Go through the data and copy each line where the word "Definition" shows up.

[[ Record set open ]]

(* Let $(G,S,\tau,\mu,c,\gamma)$ be a generalized network flow instance and $x\in\mathbb{R}_{\ge0}^E$ with $x_e\in[0,\mu_e]$ for every $e\in E$, and let $v\in V\setminus\{\tau\}$. Then the minimum cost of a fractional augmenting path from $v$ in $G^x$, assuming one exists, is attained by an augmenting path.
   Context: A generalized network flow instance: digraph $G=(V,E)$ without anti-parallel edges, sources $S\subseteq V$ with no incoming edges, sink $\tau\in V\setminus S$ with no outgoing edges, and for each edge $e$ a capacity $\mu_e>0$, cost $c_e>0$ and gain $\gamma_e>0$. Residual graph $G^x=(V,E^x)$ with parameters $\mu^x,c^x,\gamma^x$: for every $uv\in E$ with $x_{uv}<\mu_{uv}$ there is a forward edge $uv$ with $\mu^x_{uv}=\mu_{uv}-x_{uv}$, $c^x_{uv}=c_{uv}$, $\gamma^x_{uv}=\gamma_{uv}$; for every $uv\in E$ with $x_{uv}>0$ there is a backward edge $vu$ with $\mu^x_{vu}=\gamma_{uv}x_{uv}$, $c^x_{vu}=0$, $\gamma^x_{vu}=1/\gamma_{uv}$. A fractional augmenting path from $s\in V\setminus\{\tau\}$ in $G^x$ is a vector $f\in\mathbb{R}_{\ge0}^{E^x}$ (capacities are ignored) such that $\sum_{e\in\delta^+_{G^x}(w)}f_e-\sum_{e\in\delta^-_{G^x}(w)}\gamma^x_ef_e$ equals $1$ for $w=s$ and $0$ for $w\in V\setminus\{s,\tau\}$; its cost is $\sum_{e\in E^x}c^x_ef_e$. It is an augmenting path if moreover its support is (a) a path from $s$ to $\tau$ in $G^x$, or (b) a cycle in $G^x$ containing $s$ but not $\tau$, or (c) the union of a cycle $C$ in $G^x$ containing neither $s$ nor $\tau$ and a path in $G^x$ from $s$ to $C$ internally disjoint from $C$. *)

From HB Require Import structures.
From mathcomp Require Import all_boot all_order all_algebra.
Set Implicit Arguments. Unset Strict Implicit. Unset Printing Implicit Defensive.
Import Order.TTheory GRing.Theory Num.Theory.
Local Open Scope ring_scope.

(* A digraph on a finite vertex type V is given by its edge relation E;
   an edge uv is the pair (u,w) with E u w.  Edge parameters (capacity,
   cost, gain) and flows are functions V -> V -> R, only relevant on edges. *)

Section GNF.
Variables (R : realFieldType) (V : finType).

Definition gnf_instance (E : rel V) (S : {set V}) (tau : V)
  (mu c gamma : V -> V -> R) : Prop :=
  [/\ (forall u w, E u w -> ~~ E w u),
      (forall s u, s \in S -> ~~ E u s),
      tau \notin S,
      (forall u, ~~ E tau u)
    & (forall u w, E u w -> [/\ 0 < mu u w, 0 < c u w & 0 < gamma u w])].

Definition feasible_x (E : rel V) (mu x : V -> V -> R) : Prop :=
  forall u w, E u w -> 0 <= x u w <= mu u w.

(* residual graph G^x: forward edge uw if x_uw < mu_uw, backward edge wu
   if x_uw > 0 (no anti-parallel edges, so these never collide) *)
Definition res_edge (E : rel V) (mu x : V -> V -> R) : rel V :=
  fun u w => (E u w && (x u w < mu u w)) || (E w u && (0 < x w u)).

[[ Record set closed ]]

Answer space
Definition gnf_instance (E : rel V) (S : {set V}) (tau : V)
Definition feasible_x (E : rel V) (mu x : V -> V -> R) : Prop :=
Definition res_edge (E : rel V) (mu x : V -> V -> R) : rel V :=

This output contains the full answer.